● **WHAT YOU HAVE TO DO**:
Restate the records exactly. Include all of them.

[Data entries]
Lemma coloured_injectionsP (S : {set V}) (f : {ffun V -> T}) :
  reflect [/\ forall x, x \notin S -> f x = b x, {in S, forall x, f x \in side (d x)}
            & {in S &, injective f}]
          (f \in coloured_injections S).
Proof.
rewrite inE; apply: (iffP andP) => [[/andP [/forallP off /forall_inP sd] /forall_inP inj]|].
  split=> [x xS|//|x y xS yS fxy]; first exact/eqP/(implyP (off x)).
  by apply/eqP; move/forall_inP: (inj x xS) => /(_ y yS) /implyP; apply; apply/eqP.
case=> off sd inj; split; first (apply/andP; split).
- by apply/forallP => x; apply/implyP => xS; rewrite off.
- exact/forall_inP.
by apply/forall_inP => x xS; apply/forall_inP => y yS; apply/implyP => /eqP /inj ->.
Qed.

Lemma side_inj c c' t : t \in side c -> t \in side c' -> c = c'.
Proof.
have R10 : t \in R1 -> t \in R0 -> False by move=> /(disjointFr R_disj) ->.
by case: c; case: c' => //= ? ?; exfalso; apply: R10.
Qed.

Lemma card_side_image (S : {set V}) u f : f \in coloured_injections S ->
  #|side (d u) :&: f @: S| = #|[set z in S | d z == d u]|.
Proof.
case/coloured_injectionsP=> _ sd inj.
have -> : side (d u) :&: f @: S = f @: [set z in S | d z == d u].
  apply/setP => t; rewrite inE; apply/andP/imsetP => [[tR /imsetP [z zS tE]]|[z]].
    by subst t; exists z => //; rewrite inE zS (side_inj (sd z zS) tR) /=.
  by rewrite inE => /andP [zS /eqP <-] ->; split; [exact: sd | exact: imset_f].
by rewrite card_in_imset // => x y; rewrite !inE => /andP [xS _] /andP [yS _]; exact: inj.
Qed.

● **RESULT BELOW**:
Lemma coloured_injectionsP (S : {set V}) (f : {ffun V -> T}) :
  reflect [/\ forall x, x \notin S -> f x = b x, {in S, forall x, f x \in side (d x)}
            & {in S &, injective f}]
          (f \in coloured_injections S).
Proof.
rewrite inE; apply: (iffP andP) => [[/andP [/forallP off /forall_inP sd] /forall_inP inj]|].
  split=> [x xS|//|x y xS yS fxy]; first exact/eqP/(implyP (off x)).
  by apply/eqP; move/forall_inP: (inj x xS) => /(_ y yS) /implyP; apply; apply/eqP.
case=> off sd inj; split; first (apply/andP; split).
- by apply/forallP => x; apply/implyP => xS; rewrite off.
- exact/forall_inP.
by apply/forall_inP => x xS; apply/forall_inP => y yS; apply/implyP => /eqP /inj ->.
Qed.

Lemma side_inj c c' t : t \in side c -> t \in side c' -> c = c'.
Proof.
have R10 : t \in R1 -> t \in R0 -> False by move=> /(disjointFr R_disj) ->.
by case: c; case: c' => //= ? ?; exfalso; apply: R10.
Qed.

Lemma card_side_image (S : {set V}) u f : f \in coloured_injections S ->
  #|side (d u) :&: f @: S| = #|[set z in S | d z == d u]|.
Proof.
case/coloured_injectionsP=> _ sd inj.
have -> : side (d u) :&: f @: S = f @: [set z in S | d z == d u].
  apply/setP => t; rewrite inE; apply/andP/imsetP => [[tR /imsetP [z zS tE]]|[z]].
    by subst t; exists z => //; rewrite inE zS (side_inj (sd z zS) tR) /=.
  by rewrite inE => /andP [zS /eqP <-] ->; split; [exact: sd | exact: imset_f].
by rewrite card_in_imset // => x y; rewrite !inE => /andP [xS _] /andP [yS _]; exact: inj.
Qed.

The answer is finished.